Judging by the responses on here I'm almost convinced to at least try the broadband out.

I earlier spoke to Sky customer services about the issue I have been having and to be honest they really don't seem that bothered.

I promised myself that I always give someone a second chance, so will hold out until the end of the month before deciding.


----------



## nandug23 (Aug 16, 2014)

I have had numerous issues with Sky before. Was offered sky unlimited free for 6 months earlier and full price later. Was promised 18-20MB, but ended up having only 7-8MB after 3 months. No satisfying response after all the calls I made except for the fact that keep changing my WiFi band everytime without any use.

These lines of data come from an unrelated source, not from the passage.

Lemma exists_first_root (D : R -> R) (a b : R) : a < b ->
  (forall x, a <= x <= b -> continuous D x) -> 0 < D a -> D b < 0 ->
  exists m, a < m <= b /\ D m = 0 /\ forall y, a <= y < m -> 0 < D y.
Proof.
intros Hab HD Ha Hb.
set (S := fun x => a <= x <= b /\ forall y, a <= y <= x -> 0 < D y).
assert (Sa : S a) by (split; [lra | intros y Hy; replace y with a by lra; exact Ha]).
destruct (completeness S) as [m [Hub Hlub]].
{ exists b. intros x [Hx _]. lra. }
{ exists a. exact Sa. }
assert (Ham : a <= m) by (apply Hub, Sa).
assert (Hmb : m <= b) by (apply Hlub; intros x [Hx _]; lra).
assert (Hbelow : forall y, a <= y < m -> 0 < D y).
{ intros y Hy. destruct (classic (exists x, S x /\ y < x)) as [[x [[_ Hx] Hyx]] | Hn].
  - apply Hx. lra.
  - enough (m <= y) by lra. apply Hlub. intros x Hx.
    apply Rnot_lt_le. intros Hyx. apply Hn. exists x. split; assumption. }
assert (Hm_le : D m <= 0).
{ apply Rnot_lt_le. intros Hpos.
  destruct (HD m (conj Ham Hmb) (fun z => 0 < z) (open_gt 0 (D m) Hpos)) as [del Hdel].
  assert (Hmb' : m < b) by (destruct (Req_dec m b) as [E | E]; [subst; lra | lra]).
  assert (Hdel0 := cond_pos del).
  set (x := Rmin (m + del / 2) b).
  assert (Hmx : m < x) by (apply Rmin_glb_lt; lra).
  assert (Hx : x <= m + del / 2 /\ x <= b) by (split; [apply Rmin_l | apply Rmin_r]).
  assert (Sx : S x).
  { split; [lra |].
    intros y Hy. destruct (Rlt_le_dec y m) as [Hym | Hym]; [apply Hbelow; lra |].
    apply Hdel. change (Rabs (y - m) < del). apply Rabs_lt_between'. lra. }
  generalize (Hub x Sx). lra. }
assert (Ham' : a < m) by (destruct (Req_dec a m) as [E | E]; [subst; lra | lra]).
assert (Hm_ge : 0 <= D m).
{ apply Rnot_lt_le. intros Hneg.
  destruct (HD m (conj Ham Hmb) (fun z => z < 0) (open_lt 0 (D m) Hneg)) as [del Hdel].
  assert (Hdel0 := cond_pos del).
  set (y := Rmax a (m - del / 2)).
  assert (Hy : a <= y < m) by (split; [apply Rmax_l | apply Rmax_lub_lt; lra]).
  assert (m - del / 2 <= y) by apply Rmax_r.
  assert (D y < 0).
  { apply Hdel. change (Rabs (y - m) < del). apply Rabs_lt_between'. lra. }
  generalize (Hbelow y Hy). lra. }
exists m. split; [lra | split; [lra | exact Hbelow]].
Qed.

Lemma is_derive_plus_RInt (k : R -> R) (c a x : R) : (forall s, continuous k s) ->
  is_derive (fun y => c + RInt k a y) x (k x).
Proof.
intros Hk. replace (k x) with (0 + k x) by ring.
apply (is_derive_plus (fun _ => c) (fun y => RInt k a y) x zero (k x)).
- apply is_derive_const.
- apply (is_derive_RInt (V := R_NormedModule) k _ a x); [| apply Hk].
  apply filter_forall. intros y. apply (RInt_correct (V := R_CompleteNormedModule)).
  apply ex_RInt_continuous. intros; apply Hk.
Qed.

Lemma RInt_lipschitz (k : R -> R) (M a : R) : (forall s, continuous k s) ->
  (forall s, Rabs (k s) <= M) -> lipschitz (fun x => RInt k a x) M.
Proof.
intros Hk HM x y.
assert (Hex : forall c d, ex_RInt k c d).
{ intros c d. apply (ex_RInt_continuous (V := R_CompleteNormedModule)). intros; apply Hk. }
replace (RInt k a x - RInt k a y) with (RInt k y x).
2: { assert (E := RInt_Chasles k a y x (Hex a y) (Hex y x)).
     change (RInt k a y + RInt k y x = RInt k a x) in E. lra. }
destruct (Rle_lt_dec y x) as [Hyx | Hxy].
- rewrite (Rabs_right (x - y)) by lra. rewrite Rmult_comm.
  apply abs_RInt_le_const; [lra | apply Hex | intros; apply HM].
- rewrite <- opp_RInt_swap by apply Hex. change (Rabs (- RInt k x y) <= M * Rabs (x - y)).
  rewrite Rabs_Ropp, Rabs_minus_sym, (Rabs_right (y - x)) by lra. rewrite Rmult_comm.
  apply abs_RInt_le_const; [lra | apply Hex | intros; apply HM].
Qed.

Definition unif_cvg_on (u : nat -> R -> R) (g : R -> R) (a b : R) : Prop :=
  forall eps, 0 < eps ->
    eventually (fun n => forall x, a <= x <= b -> Rabs (u n x - g x) <= eps).

Lemma eventually_forall_le (P : nat -> nat -> Prop) (K : nat) :
  (forall k, eventually (P k)) -> eventually (fun n => forall k, (k <= K)%nat -> P k n).
Proof.
intros HP. induction K as [| K IH].
- apply (filter_imp (P 0%nat)); [| apply HP].
  intros n Hn k Hk. replace k with 0%nat by lia. exact Hn.
- apply (filter_imp (fun n => (forall k, (k <= K)%nat -> P k n) /\ P (S K) n)).
  + intros n [Hn HSn] k Hk. destruct (Nat.eq_dec k (S K)) as [-> | Hne]; [exact HSn |].
    apply Hn. lia.
  + apply filter_and; [exact IH | apply HP].
Qed.

Lemma grid_cover (a d x : R) (K : nat) : 0 < d -> a <= x <= a + INR K * d ->
  exists k, (k <= K)%nat /\ Rabs (x - (a + INR k * d)) <= d.
Proof.
intros Hd. induction K as [| K IH]; intros Hx.
- exists 0%nat. split; [lia |]. simpl in *. apply Rabs_le. lra.
- rewrite S_INR in Hx. destruct (Rle_lt_dec x (a + INR K * d)) as [Hle | Hlt].
  + destruct IH as [k [Hk Hkx]]; [lra |]. exists k. split; [lia | exact Hkx].
  + exists (S K). split; [lia |]. rewrite S_INR. apply Rabs_le. lra.
Qed.

Lemma unif_cvg_on_equilipschitz (u : nat -> R -> R) (g : R -> R) (L a b : R) :
  (forall n, lipschitz (u n) L) -> lipschitz g L ->
  (forall x, is_lim_seq (fun n => u n x) (g x)) -> unif_cvg_on u g a b.
Proof.
intros Hu Hg Hlim eps Heps.
assert (HL : 0 < Rabs L + 1) by (generalize (Rabs_pos L); lra).
set (d := eps / (4 * (Rabs L + 1))).
assert (Hd : 0 < d) by (unfold d; apply Rdiv_lt_0_compat; lra).
assert (HLd : Rabs L * d <= eps / 4).
{ unfold d. replace (eps / 4) with ((Rabs L + 1) * (eps / (4 * (Rabs L + 1)))) by (field; lra).
  apply Rmult_le_compat_r; [apply Rlt_le, Hd | lra]. }
destruct (INR_unbounded ((b - a) / d)) as [K HK].
assert (Hgrid : forall k, eventually (fun n =>
  Rabs (u n (a + INR k * d) - g (a + INR k * d)) < eps / 2)).
{ intros k. assert (Heps2 : 0 < eps / 2) by lra.
  exact (proj2 (is_lim_seq_spec _ _) (Hlim (a + INR k * d)) (mkposreal _ Heps2)). }
eapply filter_imp; [| exact (eventually_forall_le _ K Hgrid)].
intros n Hn x Hx.
destruct (grid_cover a d x K Hd) as [k [Hk Hxk]].
{ split; [lra |].
  enough ((b - a) <= INR K * d) by lra.
  apply Rlt_le. apply (Rmult_lt_compat_r d) in HK; [| exact Hd].
  unfold Rdiv in HK. rewrite Rmult_assoc, Rinv_l, Rmult_1_r in HK by lra. lra. }
specialize (Hn k Hk). cbv beta in Hn.
set (y := a + INR k * d) in *.
assert (Hlip : forall f, lipschitz f L -> Rabs (f x - f y) <= eps / 4).
{ intros f Hf. apply (Rle_trans _ _ _ (Hf x y)).
  apply (Rle_trans _ (Rabs L * d)); [| exact HLd].
  apply (Rle_trans _ (Rabs L * Rabs (x - y))).
  - apply Rmult_le_compat_r; [apply Rabs_pos | apply RRle_abs].
  - apply Rmult_le_compat_l; [apply Rabs_pos | exact Hxk]. }
generalize (Hlip _ (Hu n)) (Hlip _ Hg).
generalize (Rabs_triang (u n x - u n y) (u n y - g x)) (Rabs_triang (u n y - g y) (g y - g x)).
rewrite (Rabs_minus_sym (g y)).
replace (u n x - u n y + (u n y - g x)) with (u n x - g x) by ring.
replace (u n y - g y + (g y - g x)) with (u n y - g x) by ring.
lra.
Qed.
(* Let $p\ge5$ be a prime. Then \[ \sum_{j=0}^{p-3}B_j\equiv-1\pmod p . \]
   Context: $B_j$ is the $j$th Bernoulli number ($\frac{t}{e^t-1}=\sum_{m\ge0}B_m\frac{t^m}{m!}$). For rationals whose denominators are coprime to $p$, $a\equiv b\pmod p$ means $a-b$ is $p$ times a rational with denominator coprime to $p$. *)

From mathcomp Require Import all_boot all_order all_algebra.
Set Implicit Arguments. Unset Strict Implicit. Unset Printing Implicit Defensive.
Import Order.TTheory GRing.Theory Num.Theory.
Local Open Scope ring_scope.

(* Bernoulli numbers with t/(e^t-1) convention (B_1 = -1/2), defined by the
   recurrence equivalent to the coefficientwise generating-function identity
   sum_{k=0}^{m} binom(m+1,k) B_k = [m = 0]:
   B_0 = 1,  B_m = -1/(m+1) * sum_{k<m} binom(m+1,k) B_k. *)
Fixpoint bernoulli_seq (n : nat) : seq rat :=
  match n with
  | 0 => [:: 1]
  | n'.+1 =>
      let s := bernoulli_seq n' in
      rcons s (- (n'.+2)%:R^-1 * \sum_(k < n'.+1) ('C(n'.+2, k))%:R * nth 0 s k)
  end.

Definition bernoulli (n : nat) : rat := nth 0 (bernoulli_seq n) n.

Definition ratcong (p : nat) (a b : rat) : Prop :=
  exists r : rat, a - b = p%:R * r /\ coprime `|denq r|%N p.

From mathcomp Require Import all_boot all_order all_algebra.
From mathcomp Require Import ring lra zify.
Set Implicit Arguments.
Unset Strict Implicit.
Unset Printing Implicit Defensive.
Import Order.TTheory GRing.Theory Num.Theory.
Local Open Scope ring_scope.

(* Since p - 2 is odd and at least 3, B_(p-2) = 0, so the defining recurrence at
   index p - 1 reads sum_(k < p-2) C(p-1, k) B_k = 0.  The B_k with k <= p - 2 have
   denominators prime to p, because the recurrence only divides by k + 1 < p, and
   C(p-1, k) = (-1)^k (mod p); hence sum_(k < p-2) (-1)^k B_k = 0 (mod p).  Finally
   (-1)^k B_k = B_k + [k = 1]: both sides solve the triangular system
   sum_(k <= n) C(n+1, k) y_k = n + 1, for the left side by binomial inversion of
   sum_(j <= k) C(k, j) B_j = B_k + [k = 1]. *)

Lemma mul_bin_bin n k j : (j <= k)%N -> (k <= n)%N ->
  ('C(n, k) * 'C(k, j) = 'C(n, j) * 'C(n - j, k - j))%N.
Proof.
move=> le_jk le_kn; have le_jn := leq_trans le_jk le_kn.
have le_kj_nj : (k - j <= n - j)%N by exact: leq_sub2r.
have := bin_fact le_kj_nj; rewrite (_ : n - j - (k - j) = n - k)%N; last by lia.
move=> fact_nj.
have lhs : ('C(n, k) * 'C(k, j) * (j`! * (k - j)`! * (n - k)`!) = n`!)%N.
  by rewrite -(bin_fact le_kn) -(bin_fact le_jk); ring.
have rhs : ('C(n, j) * 'C(n - j, k - j) * (j`! * (k - j)`! * (n - k)`!) = n`!)%N.
  by rewrite -(bin_fact le_jn) -fact_nj; ring.
apply/eqP; rewrite -(eqn_pmul2r (_ : 0 < j`! * (k - j)`! * (n - k)`!)%N).
  by rewrite lhs rhs.
by rewrite !muln_gt0 !fact_gt0.
Qed.

Section BinomialInversion.
Variable R : comPzRingType.

Lemma sum_sign_mul_bin_bin n j : (j <= n)%N ->
  \sum_(k < n.+1) (-1) ^+ k * 'C(n, k)%:R * 'C(k, j)%:R = (-1) ^+ n * (j == n)%:R :> R.
Proof.
(* Writing k = j + i, the k-th term is (-1)^j C(n, j) * (-1)^i C(n - j, i), and the
   sum over i is (1 - 1)^(n - j). *)
move=> le_jn.
rewrite -(big_mkord xpredT (fun k => (-1) ^+ k * 'C(n, k)%:R * 'C(k, j)%:R)).
rewrite (big_cat_nat (leq0n j)) /=; last by apply: leq_trans le_jn _.
rewrite big_nat_cond big1 ?add0r; last first.
  by move=> k /andP[/andP[_ lt_kj] _]; rewrite (bin_small lt_kj) mulr0n mulr0.
rewrite -{1}(add0n j) big_addn (_ : n.+1 - j = (n - j).+1)%N; last by lia.
under eq_big_nat => i /andP[_ lt_i].
  rewrite -mulrA -natrM mul_bin_bin ?leq_addl //; last by lia.
  rewrite addnK natrM exprD.
  have -> : (-1) ^+ i * (-1) ^+ j * ('C(n, j)%:R * 'C(n - j, i)%:R)
    = 'C(n, j)%:R * (-1) ^+ j * ('C(n - j, i)%:R * (-1) ^+ i) :> R by ring.
over.
rewrite -big_distrr big_mkord /=.
have := exprDn (1 : R) (-1) (n - j); rewrite addrN expr0n => binom.
under eq_bigr => i _ do rewrite mulr_natl -[(-1) ^+ i]mul1r -[X in X * _](expr1n R (n - j - i)).
rewrite -binom; case: (eqVneq j n) => [->|ne_jn].
  by rewrite subnn binn mul1r.
by rewrite subn_eq0 leqNgt ltn_neqAle ne_jn le_jn !mulr0.
Qed.

Lemma binomial_inversion (x : nat -> R) n :
  \sum_(k < n.+1) (-1) ^+ k * 'C(n, k)%:R * \sum_(j < k.+1) 'C(k, j)%:R * x j
  = (-1) ^+ n * x n.
Proof.
have widen (k : 'I_n.+1) :
    \sum_(j < k.+1) 'C(k, j)%:R * x j = \sum_(j < n.+1) 'C(k, j)%:R * x j.
  rewrite (big_ord_widen n.+1 (fun j => 'C(k, j)%:R * x j) (ltn_ord k)) big_mkcond.
  by apply: eq_bigr => j _; case: ltnP => // lt_kj; rewrite bin_small // mul0r.
have inner (j : 'I_n.+1) :
    \sum_(k < n.+1) (-1) ^+ k * 'C(n, k)%:R * ('C(k, j)%:R * x j)
    = (-1) ^+ n * (j == n :> nat)%:R * x j.
  rewrite -sum_sign_mul_bin_bin; last by rewrite -ltnS.
  rewrite big_distrl.
  by apply: eq_bigr => k _; rewrite mulrA.
under eq_bigr => k _ do rewrite widen big_distrr.
rewrite exchange_big (eq_bigr _ (fun j _ => inner j)) (bigD1 ord_max) //= eqxx mulr1.
by rewrite big1 ?addr0 // => j /negbTE ne_jn; rewrite -[_ == n]/(j == ord_max) ne_jn mulr0 mul0r.
Qed.

End BinomialInversion.

Lemma sum_mul_delta (R : pzSemiRingType) m (F : nat -> R) i : (i < m)%N ->
  \sum_(k < m) F k * (k == i :> nat)%:R = F i.
Proof.
move=> lt_im; rewrite (bigD1 (Ordinal lt_im)) //= eqxx mulr1.
by rewrite big1 ?addr0 // => k /negbTE ne_ki; rewrite -[_ == i]/(k == Ordinal lt_im) ne_ki mulr0.
Qed.

Lemma binomial_transform_inj (R : numDomainType) (F G : nat -> R) :
  (forall n, \sum_(k < n.+1) 'C(n.+1, k)%:R * F k = \sum_(k < n.+1) 'C(n.+1, k)%:R * G k) ->
  F =1 G.
Proof.
move=> eqFG; elim/ltn_ind => n IH; have := eqFG n.
rewrite !big_ord_recr /=; under eq_bigr => k _ do rewrite IH //.
by move/addrI; rewrite binSn => /mulfI; apply; rewrite pnatr_eq0.
Qed.

Lemma size_bernoulli_seq n : size (bernoulli_seq n) = n.+1.
Proof. by elim: n => //= n IH; rewrite size_rcons IH. Qed.

Lemma nth_bernoulli_seq n k : (k <= n)%N -> nth 0 (bernoulli_seq n) k = bernoulli k.
Proof.
elim: n => [|n IH]; first by rewrite leqn0 => /eqP ->.
rewrite leq_eqVlt => /predU1P[-> //|lt_kn].
by rewrite /= nth_rcons size_bernoulli_seq lt_kn IH.
Qed.

Lemma bernoulliS n :
  bernoulli n.+1 = - n.+2%:R^-1 * \sum_(k < n.+1) 'C(n.+2, k)%:R * bernoulli k.
Proof.
rewrite {1}/bernoulli /= nth_rcons size_bernoulli_seq ltnn eqxx.
by congr (_ * _); apply: eq_bigr => k _; rewrite nth_bernoulli_seq // -ltnS.
Qed.

Lemma sum_bin_bernoulli n : \sum_(k < n) 'C(n, k)%:R * bernoulli k = (n == 1)%:R.
Proof.
case: n => [|[|n]]; rewrite ?big_ord0 ?big_ord1 ?mul1r //.
rewrite big_ord_recr /= bernoulliS binSn mulrA mulrN mulfV ?pnatr_eq0 //.
by rewrite mulN1r addrN.
Qed.

Lemma sum_bin_bernoulli_le n :
  \sum_(k < n.+1) 'C(n, k)%:R * bernoulli k = bernoulli n + (n == 1)%:R.
Proof. by rewrite big_ord_recr /= sum_bin_bernoulli binn mul1r addrC. Qed.

Lemma sum_bin_sign_bernoulli n : (0 < n)%N ->
  \sum_(k < n) 'C(n, k)%:R * ((-1) ^+ k * bernoulli k) = n%:R.
Proof.
move=> n_gt0; have := binomial_inversion bernoulli n.
under eq_bigr => k _ do rewrite sum_bin_bernoulli_le mulrDr.
rewrite big_split /= (sum_mul_delta (fun k => (-1) ^+ k * 'C(n, k)%:R)) ?ltnS //.
rewrite bin1 expr1 big_ord_recr /= binn mulr1 mulN1r.
under eq_bigr do rewrite -mulrA mulrCA.
by move=> ?; lra.
Qed.

Lemma sign_bernoulli n : (-1) ^+ n * bernoulli n = bernoulli n + (n == 1)%:R.
Proof.
move: n; apply: (@binomial_transform_inj _ (fun n => (-1) ^+ n * bernoulli n)
  (fun n => bernoulli n + (n == 1)%:R)) => n.
rewrite sum_bin_sign_bernoulli //.
under eq_bigr do rewrite mulrDr.
rewrite big_split /= sum_bin_bernoulli.
case: n => [|n]; first by rewrite big_ord1 addr0.
by rewrite (sum_mul_delta (fun k => 'C(n.+2, k)%:R)) // bin1 add0r.
Qed.

Lemma bernoulli_odd n : odd n -> n != 1%N -> bernoulli n = 0.
Proof.
move=> odd_n /negbTE ne_n1; have := sign_bernoulli n.
by rewrite -signr_odd odd_n expr1 ne_n1 addr0 => ?; lra.
Qed.

Definition p_integral (p : nat) (r : rat) :=
  exists (z : int) (d : nat), coprime d p /\ r = z%:~R / d%:R.

Section PIntegral.
Variable p : nat.
Hypothesis p_gt1 : (1 < p)%N.

Lemma coprime_natr_neq0 d : coprime d p -> d%:R != 0 :> rat.
Proof.
rewrite pnatr_eq0; apply: contraTneq => ->.
by rewrite /coprime gcd0n neq_ltn p_gt1 orbT.
Qed.

Lemma p_integral_int (z : int) : p_integral p z%:~R.
Proof. by exists z, 1%N; rewrite coprime1n divr1. Qed.

Lemma p_integral_nat (n : nat) : p_integral p n%:R.
Proof. exact: p_integral_int n. Qed.

Lemma p_integral_inv_nat n : coprime n p -> p_integral p n%:R^-1.
Proof. by exists 1, n; rewrite mul1r. Qed.

Lemma p_integralN a : p_integral p a -> p_integral p (- a).
Proof. by move=> [z [d [cop_dp ->]]]; exists (- z), d; rewrite rmorphN mulNr. Qed.

Lemma p_integralD a b : p_integral p a -> p_integral p b -> p_integral p (a + b).
Proof.
move=> [z1 [d1 [cop1 ->]]] [z2 [d2 [cop2 ->]]].
exists (z1 * d2%:Z + z2 * d1%:Z), (d1 * d2)%N; split; first by rewrite coprimeMl cop1 cop2.
have := coprime_natr_neq0 cop1; have := coprime_natr_neq0 cop2.
by rewrite natrM rmorphD !rmorphM /= => ? ?; field; apply/andP.
Qed.

Lemma p_integralM a b : p_integral p a -> p_integral p b -> p_integral p (a * b).
Proof.
move=> [z1 [d1 [cop1 ->]]] [z2 [d2 [cop2 ->]]].
exists (z1 * z2), (d1 * d2)%N; split; first by rewrite coprimeMl cop1 cop2.
have := coprime_natr_neq0 cop1; have := coprime_natr_neq0 cop2.
by rewrite natrM rmorphM /= => ? ?; field; apply/andP.
Qed.

Lemma p_integral_sum m (F : 'I_m -> rat) :
  (forall i, p_integral p (F i)) -> p_integral p (\sum_(i < m) F i).
Proof.
by move=> F_int; apply: big_ind => //; [exact: p_integral_nat 0 | exact: p_integralD].
Qed.

Lemma p_integral_coprime_denq r : p_integral p r -> coprime `|denq r| p.
Proof.
move=> [z [d [cop_dp def_r]]].
have : (numq r * d%:Z = z * denq r)%R.
  apply: (@intr_inj rat); rewrite !rmorphM /= numqE def_r.
  by field; apply: coprime_natr_neq0.
move/(congr1 absz); rewrite !abszM /= => eq_abs.
have : (`|denq r| %| `|numq r| * d)%N by rewrite eq_abs dvdn_mull.
rewrite Gauss_dvdr => [dvd_den_d|]; last by rewrite coprime_sym coprime_num_den.
exact: coprime_dvdl dvd_den_d cop_dp.
Qed.

End PIntegral.

Lemma dvdz_bin_pred_prime_sign p k : prime p -> (k < p)%N ->
  (p%:Z %| 'C(p.-1, k)%:Z - (-1) ^+ k)%Z.
Proof.
move=> p_pr; elim: k => [_|k IH lt_kp]; first by rewrite bin0 subrr dvdz0.
have p_gt0 := prime_gt0 p_pr.
have -> : 'C(p.-1, k.+1)%:Z - (-1) ^+ k.+1
    = 'C(p, k.+1)%:Z - ('C(p.-1, k)%:Z - (-1) ^+ k).
  by rewrite -[in RHS](prednK p_gt0) binS /= PoszD exprS; ring.
by rewrite rpredB ?(IH (ltnW lt_kp)) // dvdzE /= prime_dvd_bin.
Qed.

Lemma bernoulli_p_integral p k : prime p -> (k.+2 <= p)%N -> p_integral p (bernoulli k).
Proof.
move=> p_pr; have p_gt1 := prime_gt1 p_pr.
elim/ltn_ind: k => -[_ _|k IH le_kp]; first exact: (p_integral_nat p 1).
rewrite bernoulliS; apply: (p_integralM p_gt1).
  apply: p_integralN; apply: p_integral_inv_nat.
  by rewrite coprime_sym prime_coprime // gtnNdvd.
apply: (p_integral_sum p_gt1) => i; apply: (p_integralM p_gt1); first exact: p_integral_nat.
by apply: IH => //; apply: leq_trans le_kp; rewrite !ltnS ltnW.
Qed.

Lemma sum_bin_pred_prime_sign_cong p m (x : nat -> rat) :
  prime p -> (m <= p)%N -> (forall k, (k < m)%N -> p_integral p (x k)) ->
  exists2 r, p_integral p r & \sum_(k < m) ('C(p.-1, k)%:R - (-1) ^+ k) * x k = p%:R * r.
Proof.
move=> p_pr le_mp x_int; have p_gt1 := prime_gt1 p_pr.
pose q k := (('C(p.-1, k)%:Z - (-1) ^+ k) %/ p)%Z.
exists (\sum_(k < m) (q k)%:~R * x k).
  apply: (p_integral_sum p_gt1) => k; apply: (p_integralM p_gt1).
    exact: p_integral_int.
  exact: x_int.
rewrite big_distrr; apply: eq_bigr => k _ /=; rewrite mulrA; congr (_ * _).
have := divzK (dvdz_bin_pred_prime_sign p_pr (leq_trans (ltn_ord k) le_mp)).
move/(congr1 (intr : int -> rat)); rewrite rmorphM rmorphB rmorphXn rmorphN1 /= => <-.
by rewrite mulrC.
Qed.

Theorem corollary4 (p : nat) (hp : prime p) (hp5 : (5 <= p)%N) :
  ratcong p (\sum_(0 <= j < p - 2) bernoulli j) (-1).
Proof.
have [m def_p] : exists m, p = m.+2 by exists (p - 2)%N; lia.
subst p; rewrite subn2 big_mkord /=.
have odd_m : odd m by case: (even_prime hp) => [/eqP|]; [lia | rewrite /= negbK].
have Bm0 : bernoulli m = 0 by apply: bernoulli_odd odd_m _; lia.
have sum_bin : \sum_(k < m) 'C(m.+1, k)%:R * bernoulli k = 0.
  have := sum_bin_bernoulli m.+1; rewrite big_ord_recr /= Bm0 mulr0 addr0 => ->.
  by rewrite eqSS (_ : (m == 0) = false) //; lia.
have sum_sign : \sum_(k < m) (-1) ^+ k * bernoulli k = \sum_(k < m) bernoulli k + 1.
  under eq_bigr do rewrite sign_bernoulli -[(_ == 1)%:R]mul1r.
  by rewrite big_split (sum_mul_delta (fun=> 1)) //=; lia.
have [r r_int er] := sum_bin_pred_prime_sign_cong hp (leqW (leqnSn m))
  (fun k lt_km => bernoulli_p_integral hp (ltnW lt_km : k.+2 <= m.+2)%N).
exists (- r); split; last exact/(p_integral_coprime_denq (prime_gt1 hp))/p_integralN.
rewrite mulrN -er /= (eq_bigr _ (fun k _ => mulrBl _ _ _)).
by rewrite sumrB sum_bin sum_sign sub0r !opprK.
Qed.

Just out of the contracy now and looking to switch to Virgin.


----------



## hardyd44 (Mar 31, 2014)

been with Virgin since blueyonder days (10+ years), broadband can not fault , TV now got TiVo - yes and no but, not had sky since over 10 years ago so things have moved on - priced them both up - not much difference (surprise, surprise).

but at the end of the day, would I change - no, why because unless BT was offering fibre ( don't forget that sky. talk talk, etc use BT infrastructure) you are stuck with old copper wire and that can never compete for speed or capacity

for paralla try :http://help.virginmedia.com/system/...&LANGUAGE=en&COUNTY=us&VM_CUSTOMER_TYPE=Cable


----------